第96章三司会审
皇帝的金口玉言,便是最高律法。陈默“暂领三法司会审之权”的旨意一下,如同一块巨石投入深潭,整个京城官场都为之震动。这不仅是莫大的信任与权柄,更是一个极其危险的信号——陛下要动真格的了,目标首指那些隐藏在深处的“魑魅魍魉”。

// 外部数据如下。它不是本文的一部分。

Lemma not_lim_subseq (u : nat -> R) :
  ~ is_lim_seq u 0 ->
  exists eps psi, 0 < eps /\ strictly_increasing psi /\ forall i, eps <= Rabs (u (psi i)).
Proof.
  intros Hu.
  assert (Heps : exists eps, 0 < eps /\ forall N, exists n, (N <= n)%nat /\ eps <= Rabs (u n)).
  { apply NNPP; intros Hno; apply Hu, is_lim_seq_spec; intros eps.
    apply NNPP; intros HN; apply Hno; exists eps; split; [apply cond_pos|].
    intros N; apply NNPP; intros Hn; apply HN; exists N; intros n Hn'.
    rewrite Rminus_0_r; apply Rnot_le_lt; intros Hle; apply Hn; exists n; auto. }
  destruct Heps as [eps [Heps Hinf]].
  destruct (strictly_increasing_choice (fun _ n => eps <= Rabs (u n))) as [psi [Hpsi Hp]];
    [intros _; apply Hinf|].
  exists eps, psi; auto.
Qed.

Lemma bounded_seq_subseq_lim (u : nat -> R) (B : R) :
  (forall n, Rabs (u n) <= B) ->
  exists psi (l : R), strictly_increasing psi /\ is_lim_seq (fun n => u (psi n)) l.
Proof.
  intros HB.
  destruct (Bolzano_Weierstrass u (fun c => -B <= c <= B) (compact_P3 (-B) B)) as [l Hl].
  { intros n; specialize (HB n); apply Rabs_le_between in HB; exact HB. }
  destruct (strictly_increasing_choice (fun i p => Rabs (u p - l) < (/ 2) ^ i)) as [psi [Hpsi Hp]].
  { intros i N.
    assert (Hr : 0 < (/ 2) ^ i) by (apply pow_lt; lra).
    apply (Hl (disc l (mkposreal _ Hr)) N).
    exists (mkposreal _ Hr); intros y Hy; exact Hy. }
  exists psi, l; split; [exact Hpsi|].
  assert (Hdiff : is_lim_seq (fun n => u (psi n) - l) 0).
  { apply is_lim_seq_abs_0.
    apply (is_lim_seq_le_le (fun _ => 0) _ (fun n => (/ 2) ^ n)).
    - intros n; split; [apply Rabs_pos | left; apply Hp].
    - apply is_lim_seq_const.
    - apply is_lim_seq_geom; rewrite Rabs_pos_eq; lra. }
  apply (is_lim_seq_ext (fun n => (u (psi n) - l) + l)); [intros; ring|].
  replace (Finite l) with (Rbar_plus 0 l) by (simpl; f_equal; ring).
  apply is_lim_seq_plus'; [exact Hdiff | apply is_lim_seq_const].
Qed.

Definition is_lim_Cseq (u : nat -> C) (l : C) : Prop := is_lim_seq (fun n => Cmod (u n - l)) 0.

Lemma is_lim_seq_dist_0 (w : nat -> R) (l : R) :
  is_lim_seq w l -> is_lim_seq (fun n => Rabs (w n - l)) 0.
Proof.
  intros Hw; apply (is_lim_seq_abs_0 (fun n => w n - l)).
  replace (Finite 0) with (Finite (l - l)) by (f_equal; ring).
  apply is_lim_seq_minus'; [exact Hw | apply is_lim_seq_const].
Qed.

Lemma is_lim_Cseq_parts (u : nat -> C) (l : C) :
  is_lim_seq (fun n => fst (u n)) (fst l) -> is_lim_seq (fun n => snd (u n)) (snd l) ->
  is_lim_Cseq u l.
Proof.
  intros Hre Him.
  apply (is_lim_seq_le_le (fun _ => 0) _
           (fun n => sqrt 2 * (Rabs (fst (u n) - fst l) + Rabs (snd (u n) - snd l)))).
  - intros n; split; [apply Cmod_ge_0|].
    eapply Rle_trans; [apply Cmod_2Rmax|].
    apply Rmult_le_compat_l; [apply sqrt_pos|].
    change (fst (u n - l)%C) with (fst (u n) - fst l).
    change (snd (u n - l)%C) with (snd (u n) - snd l).
    pose proof (Rabs_pos (fst (u n) - fst l)); pose proof (Rabs_pos (snd (u n) - snd l)).
    apply Rmax_lub; lra.
  - apply is_lim_seq_const.
  - replace (Finite 0) with (Rbar_mult (sqrt 2) (Rbar_plus 0 0)) by (simpl; f_equal; ring).
    apply is_lim_seq_scal_l, is_lim_seq_plus'; apply is_lim_seq_dist_0; assumption.
Qed.

Lemma bounded_Cseq_subseq_lim (u : nat -> C) (B : R) :
  (forall n, Cmod (u n) <= B) ->
  exists psi l, strictly_increasing psi /\ is_lim_Cseq (fun n => u (psi n)) l.
Proof.
  intros HB.
  assert (Hparts : forall z : C, Rabs (fst z) <= Cmod z /\ Rabs (snd z) <= Cmod z)
    by (intros z; pose proof (Rmax_Cmod z); split;
        (eapply Rle_trans; [|eassumption]); [apply Rmax_l | apply Rmax_r]).
  destruct (bounded_seq_subseq_lim (fun n => fst (u n)) B) as [p1 [l1 [Hp1 Hl1]]].
  { intros n; eapply Rle_trans; [apply Hparts | apply HB]. }
  destruct (bounded_seq_subseq_lim (fun n => snd (u (p1 n))) B) as [p2 [l2 [Hp2 Hl2]]].
  { intros n; eapply Rle_trans; [apply Hparts | apply HB]. }
  exists (fun n => p1 (p2 n)), (l1, l2); split; [apply strictly_increasing_comp; assumption|].
  apply is_lim_Cseq_parts; [|exact Hl2].
  exact (is_lim_seq_subseq _ _ _ (eventually_subseq _ Hp2) Hl1).
Qed.

Definition convergent_subseq (u : nat -> C) : nat -> nat :=
  epsilon (inhabits (fun n => n))
    (fun psi => strictly_increasing psi /\ exists l, is_lim_Cseq (fun n => u (psi n)) l).

Lemma convergent_subseq_spec (u : nat -> C) (B : R) :
  (forall n, Cmod (u n) <= B) ->
  strictly_increasing (convergent_subseq u) /\
  exists l, is_lim_Cseq (fun n => u (convergent_subseq u n)) l.
Proof.
  intros HB; unfold convergent_subseq; apply epsilon_spec.
  destruct (bounded_Cseq_subseq_lim u B HB) as [psi [l [Hpsi Hl]]].
  exists psi; split; [exact Hpsi | exists l; exact Hl].
Qed.

Section Diagonal.

Variables (x : nat -> nat -> C) (B : R).
Hypothesis x_bounded : forall n j, Cmod (x n j) <= B.

(* [nested_subseq j] makes the columns [0..j] converge; each is a subsequence of the previous. *)
Fixpoint nested_subseq (j : nat) : nat -> nat :=
  match j with
  | O => convergent_subseq (fun n => x n O)
  | S j => fun n => nested_subseq j (convergent_subseq (fun m => x (nested_subseq j m) (S j)) n)
  end.

Lemma nested_subseq_spec (j : nat) :
  strictly_increasing (nested_subseq j) /\
  exists l, is_lim_Cseq (fun n => x (nested_subseq j n) j) l.
Proof.
  induction j as [|j [IHinc _]]; simpl.
  - apply (convergent_subseq_spec (fun n => x n O) B); intros; apply x_bounded.
  - destruct (convergent_subseq_spec (fun m => x (nested_subseq j m) (S j)) B) as [Hinc Hl];
      [intros; apply x_bounded|].
    split; [apply strictly_increasing_comp|]; assumption.
Qed.

Lemma nested_subseq_later (j n : nat) :
  (j <= n)%nat -> forall m, exists m', (m <= m')%nat /\ nested_subseq n m = nested_subseq j m'.
Proof.
  intros Hjn; induction Hjn as [|n _ IH]; intros m; [exists m; split; [lia | reflexivity]|].
  set (psi := convergent_subseq (fun m => x (nested_subseq n m) (S n))).
  assert (Hpsi : strictly_increasing psi)
    by (apply (convergent_subseq_spec _ B); intros; apply x_bounded).
  destruct (IH (psi m)) as [m' [Hm' Heq]].
  exists m'; split; [pose proof (strictly_increasing_ge psi Hpsi m); lia | exact Heq].
Qed.

Lemma diagonal_extraction :
  exists phi w, strictly_increasing phi /\ forall j, is_lim_Cseq (fun n => x (phi n) j) (w j).
Proof.
  exists (fun n => nested_subseq n n).
  exists (fun j =>
    proj1_sig (constructive_indefinite_description _ (proj2 (nested_subseq_spec j)))).
  split.
  - intros n; simpl.
    set (psi := convergent_subseq (fun m => x (nested_subseq n m) (S n))).
    assert (Hpsi : strictly_increasing psi)
      by (apply (convergent_subseq_spec _ B); intros; apply x_bounded).
    apply strictly_increasing_lt; [apply nested_subseq_spec|].
    pose proof (strictly_increasing_ge psi Hpsi (S n)); lia.
  - intros j.
    destruct (constructive_indefinite_description _ (proj2 (nested_subseq_spec j))) as [l Hl].
    simpl.
    apply (is_lim_seq_later_terms (fun m => Cmod (x (nested_subseq j m) j - l)) _ 0 j);
      [|exact Hl].
    intros n Hn; destruct (nested_subseq_later j n Hn n) as [m [Hm ->]].
    exists m; split; [exact Hm | reflexivity].
Qed.

End Diagonal.

(** * Sufficiency of [sigma_k -> 0] *)

Lemma is_lim_Cseq_Cmod (u : nat -> C) (l : C) :
  is_lim_Cseq u l -> is_lim_seq (fun n => Cmod (u n)) (Cmod l).
Proof.
  intros Hu.
  apply (is_lim_seq_le_le (fun n => Cmod l - Cmod (u n - l)) _ (fun n => Cmod l + Cmod (u n - l))).
  - intros n.
    pose proof (Cmod_triangle (u n - l) l) as H1.
    pose proof (Cmod_triangle (u n) (- (u n - l))) as H2.
    replace (u n - l + l)%C with (u n) in H1 by ring.
    replace (u n + - (u n - l))%C with l in H2 by ring.
    rewrite Cmod_opp in H2; lra.
  - replace (Finite (Cmod l)) with (Finite (Cmod l - 0)) by (f_equal; ring).
    apply is_lim_seq_minus'; [apply is_lim_seq_const | exact Hu].
  - replace (Finite (Cmod l)) with (Finite (Cmod l + 0)) by (f_equal; ring).
    apply is_lim_seq_plus'; [apply is_lim_seq_const | exact Hu].
Qed.

Lemma psum_sqr_le_of_coord_lim (F : nat -> nat -> C) (w : nat -> C) (M : R) (N : nat) :
  (forall n, l2 (F n)) -> (forall n, l2norm (F n) <= M) ->
  (forall j, is_lim_Cseq (fun n => F n j) (w j)) ->
  psum (fun j => Cmod (w j) ^ 2) N <= M ^ 2.
Proof.
  intros HF HM Hw.
  assert (HM0 : forall n, 0 <= l2norm (F n)) by (intros; apply sqrt_pos).
  refine (is_lim_seq_le (fun n => psum (fun j => Cmod (F n j) ^ 2) N) (fun _ => M ^ 2)
            (psum (fun j => Cmod (w j) ^ 2) N) (M ^ 2) _ _ _).
  - intros n; eapply Rle_trans; [apply psum_le_l2norm_sqr, HF|].
    specialize (HM n); specialize (HM0 n); apply pow_incr; lra.
  - apply (psum_is_lim (fun n j => Cmod (F n j) ^ 2)); intros j.
    apply is_lim_seq_sqr, is_lim_Cseq_Cmod, Hw.
  - apply is_lim_seq_const.
Qed.

Definition tail_symbol (K : nat) (alpha : nat -> C) (j : nat) : C :=
  if Nat.leb (2 ^ K) j then alpha j else 0%C.

Lemma tail_symbol_0 (K : nat) (alpha : nat -> C) : tail_symbol K alpha 0%nat = 0%C.
Proof.
  unfold tail_symbol; pose proof (lt_pow2 K).
  replace (Nat.leb (2 ^ K) 0) with false by (symmetry; apply Nat.leb_gt; lia); reflexivity.
Qed.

旨意下达的次日,都察院左都御史、大理寺卿、刑部尚书,这三位掌管帝国司法监察最高权柄的重臣,便一同来到了暂设于五城兵马司衙门的“朔方军械案特别公廨”。名义上,三法司主官会同审理,但谁都清楚,真正的主导者,是那位端坐主位、面色沉静的年轻国公。
公廨大堂内,气氛肃杀。陈默身着国公常服,并未穿戴甲胄,但久经沙场淬炼出的那股无形杀气,依旧让堂下侍立的衙役和前来“协助”的三法司属官感到呼吸微窒。都察院左都御史是位须发花白、面容清癯的老臣,以刚正闻名;大理寺卿则中年模样,气质儒雅中带着精明;刑部尚书则面皮黝黑,不苟言笑。三人分坐陈默两侧下首,神色各异。
“三位大人,”陈默开门见山,声音不高,却带着不容置疑的力量,“此案干系重大,牵连甚广,更有通敌卖国之嫌。陛下震怒,授我等权柄,务必查个水落石出,以正国法,以安社稷。陈默年轻识浅,于刑名律例多有不通,还需三位大人多多襄助。”
话虽客气,但意思明确:案子必须查清楚,谁也别想敷衍塞责。
三位大臣连忙拱手,口称“不敢”、“分内之事”。左都御史率先道:“国公爷客气了。陛下既有明旨,我等自当竭尽全力。只是……此案时隔十年,人证物证恐多散佚,且涉及边关军务、朝中大臣,查起来,恐怕阻力不小。”
他这话,既是实情,也是在试探陈默的决心和底线。
陈默从案几上拿起一份卷宗副本(关键证据原件己由女帝亲自保管):“阻力,自然会有。但陛下赐我‘便宜行事’之权,便是为了扫清阻力。至于证据,”他目光扫过三人,“阴山黑石谷所获书信、账册,虽多用隐语,然其中脉络指向清晰,与当年朔方军械失踪案卷宗对照,多有吻合之处。此外,本公己命人提审黑石谷俘获之胡人工匠、监工及中原内应,并己派人前往当年朔方军转运路线沿途,秘密寻访可能知情的旧吏、驿卒、民夫。天网恢恢,疏而不漏。”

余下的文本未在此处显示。